Collected data entries
- Opening Delimiter -

Lemma lexle_nseq_max (t : 'I_m) (y : seq 'I_m) k :
  (forall a, Sv a <= Sv t) -> lexle Sv y (nseq k t).
Proof.
move=> t_max; elim: y k => [|a y IHy] [|k] //=.
by case: eqP => [_|/eqP ne]; [exact: IHy | rewrite lt_neqAle ne t_max].
Qed.

Lemma prod_le_prob n (F : 'rV[R]_m) (Om : pred (seq 'I_m)) (t : n.-tuple 'I_m) :
  simplex F -> Om (sortS Sv t) -> \prod_i F ord0 (tnth t i) <= prob Sv n F Om.
Proof.
move=> [F0 _] Omt; rewrite /prob (bigD1 t) //= lerDl.
by apply: sumr_ge0 => u _; apply: prodr_ge0 => i _; exact: F0.
Qed.

Definition point_mass (t : 'I_m) : 'rV[R]_m := \row_k (k == t)%:R.

Lemma point_mass_simplex (t : 'I_m) : simplex (point_mass t).
Proof.
split=> [k|]; first by rewrite mxE ler0n.
rewrite (bigD1 t) //= mxE eqxx big1 ?addr0 // => k /negbTE kt.
by rewrite mxE kt.
Qed.

Lemma Gset_point_mass_max n x alpha (t : 'I_m) :
  (forall a, Sv a <= Sv t) -> alpha < 1 ->
  Gset Sv n (OmegaT Sv n x) alpha (point_mass t).
Proof.
move=> t_max alpha1; split; first exact: point_mass_simplex.
apply: (lt_le_trans alpha1).
have sorted_t : sorted (valle Sv) (nseq n t).
  by case: n => //= k; elim: k => //= k ->; rewrite /valle lexx.
have <- : \prod_(i < n) point_mass t ord0 (tnth [tuple of nseq n t] i) = 1.
  by apply: big1 => i _; rewrite tnth_nseq mxE eqxx.
apply: prod_le_prob; first exact: point_mass_simplex.
rewrite /sortS sorted_sort //; last exact: valle_trans.
by rewrite /OmegaT /Omega /= size_nseq eqxx sorted_t lexle_nseq_max.
Qed.

Hypothesis Sv_lt : {mono Sv : a b / (a < b)%N >-> a < b}.

Lemma Sv_le : {mono Sv : a b / (a <= b)%N >-> a <= b}.
Proof. by move=> a b; rewrite leNgt Sv_lt -leqNgt. Qed.

Lemma Sv_eq (a b : 'I_m) : (Sv a == Sv b) = (a == b).
Proof. by rewrite eq_le !Sv_le -eqn_leq. Qed.

Lemma valle_anti : antisymmetric (valle Sv).
Proof. by move=> a b; rewrite /valle !Sv_le -eqn_leq => /eqP /val_inj. Qed.

Lemma sortS_map (f : 'I_m -> 'I_m) (s : seq 'I_m) :
  {homo f : a b / (a <= b)%N} -> sortS Sv (map f s) = map f (sortS Sv s).
Proof.
move=> f_homo; apply: (sorted_eq valle_trans valle_anti).
- exact: (sort_sorted valle_total).
- apply: (homo_sorted (e := valle Sv)); last exact: (sort_sorted valle_total).
  by move=> a b; rewrite /valle !Sv_le; exact: f_homo.
- by rewrite perm_sort perm_map // perm_sym perm_sort.
Qed.

Lemma lexle_map (f : 'I_m -> 'I_m) (x y : seq 'I_m) :
  (forall a b, a \in x -> (a <= f b)%N = (a <= b)%N /\ (a < f b)%N = (a < b)%N) ->
  lexle Sv x (map f y) = lexle Sv x y.
Proof.
elim: x y => [|a x IHx] [|b y] //= f_cmp.
have [le_f lt_f] := f_cmp a b (mem_head _ _).
have eq_f : (a == f b) = (a == b).
  by rewrite -!val_eqE /= !eqn_leq [(f b <= a)%N]leqNgt [(b <= a)%N]leqNgt le_f lt_f.
rewrite !Sv_eq !Sv_lt eq_f lt_f IHx // => a' b' a'x.
by apply: f_cmp; rewrite in_cons a'x orbT.
Qed.

Lemma OmegaT_sortS_floor n x (u : n.-tuple 'I_m) :
  OmegaT Sv n x (sortS Sv (map (floor_in (Cplus (Cof Sv x))) u)) =
  OmegaT Sv n x (sortS Sv u).
Proof.
set phi := floor_in _.
have phi_homo : {homo phi : a b / (a <= b)%N} by exact: floor_in_homo.
rewrite /OmegaT /= Omega_sortS.
have -> := Omega_sortS (map_tuple phi u).
rewrite /= (sortS_map _ phi_homo); apply: lexle_map => // a b ax.
have Ca : Cof Sv x a by apply/hasP; exists a.
by rewrite leq_floor_Cplus // ltn_floor_Cplus.
Qed.

End Samples.

Section Pushforward.
Variables (R : realType) (m : nat) (f : 'I_m -> 'I_m).

Definition pushfwd (F : 'rV[R]_m) : 'rV[R]_m := \row_k \sum_(j | f j == k) F ord0 j.

Lemma sum_pushfwd (F : 'rV[R]_m) (w : 'I_m -> R) :
  \sum_k pushfwd F ord0 k * w k = \sum_j F ord0 j * w (f j).
Proof.
rewrite [RHS](partition_big f xpredT) //=; apply: eq_bigr => k _.
by rewrite mxE mulr_suml; apply: eq_bigr => j /eqP ->.
Qed.

Lemma pushfwd_simplex F : simplex F -> simplex (pushfwd F).
Proof.
move=> [F0 F1]; split => [k|].
  by rewrite mxE; apply: sumr_ge0 => j _; exact: F0.
have := sum_pushfwd F (fun=> 1); under eq_bigr do rewrite mulr1.
by under [RHS]eq_bigr do rewrite mulr1; move=> ->.
Qed.

Lemma pushfwd_FC (D : pred 'I_m) F :
  (forall j, D (f j)) -> simplex F -> FC D (pushfwd F).
Proof.
move=> Df sF; split => [|k Dk]; first exact: pushfwd_simplex.
by rewrite mxE big1 // => j /eqP fjk; move: Dk; rewrite -fjk Df.
Qed.

Lemma Expect_pushfwd_le (Sv : 'I_m -> R) F :
  (forall j, Sv (f j) <= Sv j) -> simplex F -> Expect Sv (pushfwd F) <= Expect Sv F.
Proof.
move=> Sv_f [F0 _]; rewrite /Expect sum_pushfwd.
by apply: ler_sum => j _; apply: ler_wpM2l.
Qed.

Lemma pushfwd_continuous : continuous pushfwd.
Proof.
have -> : pushfwd = fun F => \sum_j F ord0 j *: delta_mx 0 (f j).
  apply/funext => F; apply/rowP => k; rewrite mxE summxE big_mkcond /=.
  by apply: eq_bigr => j _; rewrite !mxE eqxx eq_sym; case: eqP; rewrite ?mulr1 ?mulr0.
exact: (continuous_rV_comb (w := fun j => delta_mx 0 (f j))).
Qed.

Lemma prod_pushfwd n (t : n.-tuple 'I_m) F :
  \prod_(i < n) pushfwd F ord0 (tnth t i) =
  \sum_(u : n.-tuple 'I_m | map_tuple f u == t) \prod_(i < n) F ord0 (tnth u i).
Proof.
under eq_bigr do rewrite mxE big_mkcond /=.
rewrite bigA_distr_bigA /=.
rewrite (reindex (fun u : n.-tuple 'I_m => [ffun i => tnth u i])) /=; last first.
  exists (fun g : {ffun 'I_n -> 'I_m} => [tuple g i | i < n]) => [u _|g _].
    by apply: eq_from_tnth => i; rewrite tnth_mktuple ffunE.
  by apply/ffunP => i; rewrite !ffunE tnth_mktuple.
rewrite [RHS]big_mkcond /=; apply: eq_bigr => u _.
under eq_bigr do rewrite ffunE.
case: eqP => [<-|ne]; first by apply: eq_bigr => i _; rewrite tnth_map eqxx.
have /existsP [i fi] : [exists i, f (tnth u i) != tnth t i].
  apply: contraT; rewrite negb_exists => /forallP eq_ut; case: ne.
  by apply: eq_from_tnth => i; rewrite tnth_map; apply/eqP; rewrite -[_ == _]negbK.
by rewrite (bigD1 i) //= (negbTE fi) mul0r.
Qed.

Lemma prob_pushfwd (Sv : 'I_m -> R) n (Om : pred (seq 'I_m)) F :
  (forall u : n.-tuple 'I_m, Om (sortS Sv (map f u)) = Om (sortS Sv u)) ->
  prob Sv n (pushfwd F) Om = prob Sv n F Om.
Proof.
move=> Om_f; rewrite /prob.
rewrite [RHS](partition_big (map_tuple f) (fun t => Om (sortS Sv t))) => [|u]; last first.
  by rewrite /= Om_f.
apply: eq_bigr => t Omt; rewrite prod_pushfwd; apply: eq_bigl => u.
by case: eqP => [ft|]; rewrite ?andbF // andbT -Om_f; move: Omt; rewrite -ft.
Qed.

Lemma pushfwd_Fset (D : pred 'I_m) (Sv : 'I_m -> R) n (Om : pred (seq 'I_m)) alpha F :
  (forall j, D (f j)) ->
  (forall u : n.-tuple 'I_m, Om (sortS Sv (map f u)) = Om (sortS Sv u)) ->
  Fset Sv n Om alpha F -> FCset Sv D n Om alpha (pushfwd F).
Proof.
move=> Df Om_f [clF sF]; split; last exact: pushfwd_simplex.
apply: (closureS (A := pushfwd @` Gset Sv n Om alpha)).
  move=> _ [G [sG pG] <-]; split; first exact: pushfwd_FC.
  by split; [exact: pushfwd_simplex | rewrite prob_pushfwd].
by apply: image_closure_sub; [exact: pushfwd_continuous | exists F].
Qed.

End Pushforward.

Lemma Sval_lt (R : realType) (m : nat) (Smin Smax : R) :
  (2 <= m)%N -> Smin < Smax -> {mono @Sval R m Smin Smax : a b / (a < b)%N >-> a < b}.
Proof.
move=> m2 Sminmax a b; rewrite /Sval ltrD2l ltr_pM2r ?ltr_nat //.
by rewrite divr_gt0 ?subr_gt0 // ltr0n -ltnS prednK // ltnW.
Qed.

Unset Implicit Arguments.

Theorem theorem7 (R : realType) (m n : nat) (Smin Smax : R)
  (hm : (2 <= m)%N) (hn : (1 <= n)%N) (hS : Smin < Smax)
  (x : seq 'I_m) (hx : x \in Omega (Sval Smin Smax) n)
  (alpha : R) (ha0 : 0 <= alpha) (ha1 : alpha < 1) :
  let Sv := Sval Smin Smax in
  exists v : R,
    is_min (Expect Sv @` Fset Sv n (OmegaT Sv n x) alpha) v /\
    is_min (Expect Sv @` FCset Sv (Cplus (Cof Sv x)) n (OmegaT Sv n x) alpha) v.
Proof.
move=> Sv; set C := Cplus (Cof Sv x); set Om := OmegaT Sv n x.
have Sv_lt := Sval_lt hm hS.
pose phi := floor_in C.
have top_lt : (m.-1 < m)%N by rewrite prednK // ltnW.
have top_max (a : 'I_m) : Sv a <= Sv (Ordinal top_lt).
  by rewrite (Sv_le Sv_lt) /= -ltnS prednK // ltnW.
have F_ne : Fset Sv n Om alpha !=set0.
  exists (point_mass R (Ordinal top_lt)); split; last exact: point_mass_simplex.
  by apply: subset_closure; apply: Gset_point_mass_max.
have F_compact : compact (Fset Sv n Om alpha).
  rewrite /Fset setIC; apply: compact_closedI; first exact: simplex_compact.
  exact: closed_closure.
have [F1 /set_mem F1_in F1_min] :=
  compact_EVT_min F_ne F_compact (continuous_subspaceT (@Expect_continuous R m Sv)).
have FC_sub : FCset Sv C n Om alpha `<=` Fset Sv n Om alpha.
  by move=> F [clF sF]; split => //; apply: closureS clF => G [].
have phiF1 : FCset Sv C n Om alpha (pushfwd phi F1).
  apply: pushfwd_Fset F1_in; first exact: floor_Cplus_mem.
  by move=> u; apply: OmegaT_sortS_floor.
have min_F1 : forall F, Fset Sv n Om alpha F -> Expect Sv F1 <= Expect Sv F.
  by move=> F FF; apply: F1_min; apply: mem_set.
exists (Expect Sv F1); split; split.
- by exists F1.
- by move=> _ [F FF <-]; exact: min_F1.
- exists (pushfwd phi F1) => //; apply/le_anti/andP; split; last exact/min_F1/FC_sub.
  apply: (Expect_pushfwd_le _ F1_in.2) => j; rewrite (Sv_le Sv_lt); exact: floor_in_le.
- by move=> _ [F FF <-]; apply: min_F1; exact: FC_sub.
Qed.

- Closing Delimiter -

Copy the records above exactly, from the first line through the line containing "by apply: sumr_ge0", and include nothing else.

Lemma lexle_nseq_max (t : 'I_m) (y : seq 'I_m) k :
  (forall a, Sv a <= Sv t) -> lexle Sv y (nseq k t).
Proof.
move=> t_max; elim: y k => [|a y IHy] [|k] //=.
by case: eqP => [_|/eqP ne]; [exact: IHy | rewrite lt_neqAle ne t_max].
Qed.

Lemma prod_le_prob n (F : 'rV[R]_m) (Om : pred (seq 'I_m)) (t : n.-tuple 'I_m) :
  simplex F -> Om (sortS Sv t) -> \prod_i F ord0 (tnth t i) <= prob Sv n F Om.
Proof.
move=> [F0 _] Omt; rewrite /prob (bigD1 t) //= lerDl.
by apply: sumr_ge0 => u _; apply: prodr_ge0 => i _; exact: F0.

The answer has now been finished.